= MATERIAL PROVIDED =
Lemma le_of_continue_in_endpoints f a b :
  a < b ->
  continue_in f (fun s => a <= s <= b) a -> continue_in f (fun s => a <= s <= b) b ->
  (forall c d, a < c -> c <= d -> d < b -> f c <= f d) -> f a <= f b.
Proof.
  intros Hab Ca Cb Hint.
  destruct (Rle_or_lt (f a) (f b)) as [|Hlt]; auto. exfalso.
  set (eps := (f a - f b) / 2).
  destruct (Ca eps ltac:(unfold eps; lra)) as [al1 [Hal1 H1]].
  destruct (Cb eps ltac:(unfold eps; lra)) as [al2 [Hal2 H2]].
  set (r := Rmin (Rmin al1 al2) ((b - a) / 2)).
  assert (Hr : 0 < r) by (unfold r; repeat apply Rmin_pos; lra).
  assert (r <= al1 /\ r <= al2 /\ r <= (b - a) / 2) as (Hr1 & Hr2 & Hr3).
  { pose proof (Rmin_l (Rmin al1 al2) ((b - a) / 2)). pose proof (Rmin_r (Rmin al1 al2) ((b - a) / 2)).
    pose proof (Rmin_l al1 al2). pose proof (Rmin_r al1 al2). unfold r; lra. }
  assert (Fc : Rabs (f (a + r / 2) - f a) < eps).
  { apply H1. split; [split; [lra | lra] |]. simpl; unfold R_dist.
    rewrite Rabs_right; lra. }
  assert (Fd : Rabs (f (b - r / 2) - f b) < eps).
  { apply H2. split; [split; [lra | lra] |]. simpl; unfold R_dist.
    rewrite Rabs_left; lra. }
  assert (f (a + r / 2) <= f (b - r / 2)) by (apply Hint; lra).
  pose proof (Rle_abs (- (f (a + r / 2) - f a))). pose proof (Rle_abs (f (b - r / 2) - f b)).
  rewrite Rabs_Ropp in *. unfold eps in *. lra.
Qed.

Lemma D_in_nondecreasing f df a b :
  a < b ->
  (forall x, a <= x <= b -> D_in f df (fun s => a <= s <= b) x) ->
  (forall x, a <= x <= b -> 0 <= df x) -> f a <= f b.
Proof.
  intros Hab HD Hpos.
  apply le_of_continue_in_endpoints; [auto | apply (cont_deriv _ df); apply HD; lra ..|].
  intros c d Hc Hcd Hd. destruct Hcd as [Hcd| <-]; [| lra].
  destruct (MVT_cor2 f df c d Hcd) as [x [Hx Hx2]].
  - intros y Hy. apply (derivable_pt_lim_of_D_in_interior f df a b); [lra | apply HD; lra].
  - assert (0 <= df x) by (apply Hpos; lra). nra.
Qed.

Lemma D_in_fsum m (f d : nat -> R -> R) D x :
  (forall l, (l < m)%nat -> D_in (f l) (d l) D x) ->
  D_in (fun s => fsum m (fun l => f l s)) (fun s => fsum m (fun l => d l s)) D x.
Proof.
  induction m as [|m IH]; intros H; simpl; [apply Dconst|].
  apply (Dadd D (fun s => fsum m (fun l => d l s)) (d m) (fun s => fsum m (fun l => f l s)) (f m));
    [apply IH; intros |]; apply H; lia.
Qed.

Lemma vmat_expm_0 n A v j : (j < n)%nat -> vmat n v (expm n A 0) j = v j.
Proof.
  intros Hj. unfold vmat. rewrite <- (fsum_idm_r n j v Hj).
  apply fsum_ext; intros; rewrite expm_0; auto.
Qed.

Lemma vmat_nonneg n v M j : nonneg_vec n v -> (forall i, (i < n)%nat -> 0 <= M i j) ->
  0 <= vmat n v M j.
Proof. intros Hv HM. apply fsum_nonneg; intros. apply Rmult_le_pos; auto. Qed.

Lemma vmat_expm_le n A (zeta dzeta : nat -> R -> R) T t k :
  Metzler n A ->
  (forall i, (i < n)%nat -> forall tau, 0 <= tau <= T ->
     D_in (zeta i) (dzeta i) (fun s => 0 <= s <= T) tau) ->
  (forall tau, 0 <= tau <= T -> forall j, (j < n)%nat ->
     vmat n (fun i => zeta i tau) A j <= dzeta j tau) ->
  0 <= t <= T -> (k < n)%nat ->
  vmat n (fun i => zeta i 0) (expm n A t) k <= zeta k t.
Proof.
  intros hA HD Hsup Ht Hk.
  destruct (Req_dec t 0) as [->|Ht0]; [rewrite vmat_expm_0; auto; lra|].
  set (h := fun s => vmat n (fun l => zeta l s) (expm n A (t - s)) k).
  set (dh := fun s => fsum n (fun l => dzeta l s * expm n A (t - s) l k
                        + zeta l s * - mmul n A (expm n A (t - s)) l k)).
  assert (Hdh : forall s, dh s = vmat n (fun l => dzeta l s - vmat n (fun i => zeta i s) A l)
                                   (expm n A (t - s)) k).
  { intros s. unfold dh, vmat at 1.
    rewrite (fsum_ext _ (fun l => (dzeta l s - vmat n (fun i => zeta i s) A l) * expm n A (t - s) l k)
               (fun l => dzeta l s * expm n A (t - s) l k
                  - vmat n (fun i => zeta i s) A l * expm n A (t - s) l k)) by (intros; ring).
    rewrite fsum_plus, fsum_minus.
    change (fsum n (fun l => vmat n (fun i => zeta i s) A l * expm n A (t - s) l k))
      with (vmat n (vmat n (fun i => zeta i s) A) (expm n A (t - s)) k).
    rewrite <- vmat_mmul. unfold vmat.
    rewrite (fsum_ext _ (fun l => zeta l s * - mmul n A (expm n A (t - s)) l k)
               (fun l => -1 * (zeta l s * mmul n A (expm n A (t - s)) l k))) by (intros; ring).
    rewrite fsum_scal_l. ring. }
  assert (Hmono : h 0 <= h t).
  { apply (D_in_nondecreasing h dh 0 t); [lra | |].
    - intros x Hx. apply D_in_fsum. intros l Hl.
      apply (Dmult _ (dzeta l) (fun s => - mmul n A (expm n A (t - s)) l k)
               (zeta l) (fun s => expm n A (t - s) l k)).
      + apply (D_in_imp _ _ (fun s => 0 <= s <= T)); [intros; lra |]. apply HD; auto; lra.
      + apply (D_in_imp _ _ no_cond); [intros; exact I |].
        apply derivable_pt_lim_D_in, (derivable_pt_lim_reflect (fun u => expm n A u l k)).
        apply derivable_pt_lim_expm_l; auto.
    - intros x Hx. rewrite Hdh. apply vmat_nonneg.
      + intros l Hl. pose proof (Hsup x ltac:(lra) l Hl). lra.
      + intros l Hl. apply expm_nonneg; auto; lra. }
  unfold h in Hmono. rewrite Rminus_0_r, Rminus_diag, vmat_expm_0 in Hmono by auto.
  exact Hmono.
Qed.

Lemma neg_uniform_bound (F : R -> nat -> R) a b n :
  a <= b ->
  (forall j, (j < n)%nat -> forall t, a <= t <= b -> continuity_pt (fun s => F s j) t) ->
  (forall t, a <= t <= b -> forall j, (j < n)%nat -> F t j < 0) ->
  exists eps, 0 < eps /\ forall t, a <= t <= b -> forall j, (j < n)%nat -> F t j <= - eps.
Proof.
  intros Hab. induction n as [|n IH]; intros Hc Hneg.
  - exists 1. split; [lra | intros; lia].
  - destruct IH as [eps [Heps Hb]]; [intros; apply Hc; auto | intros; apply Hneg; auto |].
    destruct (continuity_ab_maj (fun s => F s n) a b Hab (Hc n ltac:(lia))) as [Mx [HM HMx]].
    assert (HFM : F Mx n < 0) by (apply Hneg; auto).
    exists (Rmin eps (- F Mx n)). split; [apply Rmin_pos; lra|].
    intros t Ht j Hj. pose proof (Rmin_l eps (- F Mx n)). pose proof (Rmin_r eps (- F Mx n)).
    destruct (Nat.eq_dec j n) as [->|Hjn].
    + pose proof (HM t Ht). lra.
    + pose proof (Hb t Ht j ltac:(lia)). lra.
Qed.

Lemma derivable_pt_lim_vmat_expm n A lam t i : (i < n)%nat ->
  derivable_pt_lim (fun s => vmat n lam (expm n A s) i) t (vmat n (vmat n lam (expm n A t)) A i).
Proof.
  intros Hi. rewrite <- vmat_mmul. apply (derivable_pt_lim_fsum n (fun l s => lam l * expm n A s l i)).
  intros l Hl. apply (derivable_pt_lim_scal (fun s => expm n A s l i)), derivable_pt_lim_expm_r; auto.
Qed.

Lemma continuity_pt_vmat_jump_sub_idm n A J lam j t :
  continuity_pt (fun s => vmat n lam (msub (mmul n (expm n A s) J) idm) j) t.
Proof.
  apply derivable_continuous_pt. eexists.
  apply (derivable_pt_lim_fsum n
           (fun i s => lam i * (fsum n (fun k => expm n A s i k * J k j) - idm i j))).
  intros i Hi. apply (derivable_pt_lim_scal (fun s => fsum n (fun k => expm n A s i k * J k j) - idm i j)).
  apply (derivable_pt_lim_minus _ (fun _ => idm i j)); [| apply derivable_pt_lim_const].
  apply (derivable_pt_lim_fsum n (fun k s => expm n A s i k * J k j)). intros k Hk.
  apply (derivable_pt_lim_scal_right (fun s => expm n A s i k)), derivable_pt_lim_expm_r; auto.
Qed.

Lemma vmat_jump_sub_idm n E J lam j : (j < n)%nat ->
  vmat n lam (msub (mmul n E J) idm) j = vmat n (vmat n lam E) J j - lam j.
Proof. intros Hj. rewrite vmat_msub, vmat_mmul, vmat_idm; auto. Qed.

= TASK TO COMPLETE =
Would you print exactly, and only, the lines of the data above from the line with "- intros x Hx. rewrite" through the line with "destruct (Nat.eq_dec j n) as [->|Hjn].", inclusive?

= TASK RESPONSE =
    - intros x Hx. rewrite Hdh. apply vmat_nonneg.
      + intros l Hl. pose proof (Hsup x ltac:(lra) l Hl). lra.
      + intros l Hl. apply expm_nonneg; auto; lra. }
  unfold h in Hmono. rewrite Rminus_0_r, Rminus_diag, vmat_expm_0 in Hmono by auto.
  exact Hmono.
Qed.

Lemma neg_uniform_bound (F : R -> nat -> R) a b n :
  a <= b ->
  (forall j, (j < n)%nat -> forall t, a <= t <= b -> continuity_pt (fun s => F s j) t) ->
  (forall t, a <= t <= b -> forall j, (j < n)%nat -> F t j < 0) ->
  exists eps, 0 < eps /\ forall t, a <= t <= b -> forall j, (j < n)%nat -> F t j <= - eps.
Proof.
  intros Hab. induction n as [|n IH]; intros Hc Hneg.
  - exists 1. split; [lra | intros; lia].
  - destruct IH as [eps [Heps Hb]]; [intros; apply Hc; auto | intros; apply Hneg; auto |].
    destruct (continuity_ab_maj (fun s => F s n) a b Hab (Hc n ltac:(lia))) as [Mx [HM HMx]].
    assert (HFM : F Mx n < 0) by (apply Hneg; auto).
    exists (Rmin eps (- F Mx n)). split; [apply Rmin_pos; lra|].
    intros t Ht j Hj. pose proof (Rmin_l eps (- F Mx n)). pose proof (Rmin_r eps (- F Mx n)).
    destruct (Nat.eq_dec j n) as [->|Hjn].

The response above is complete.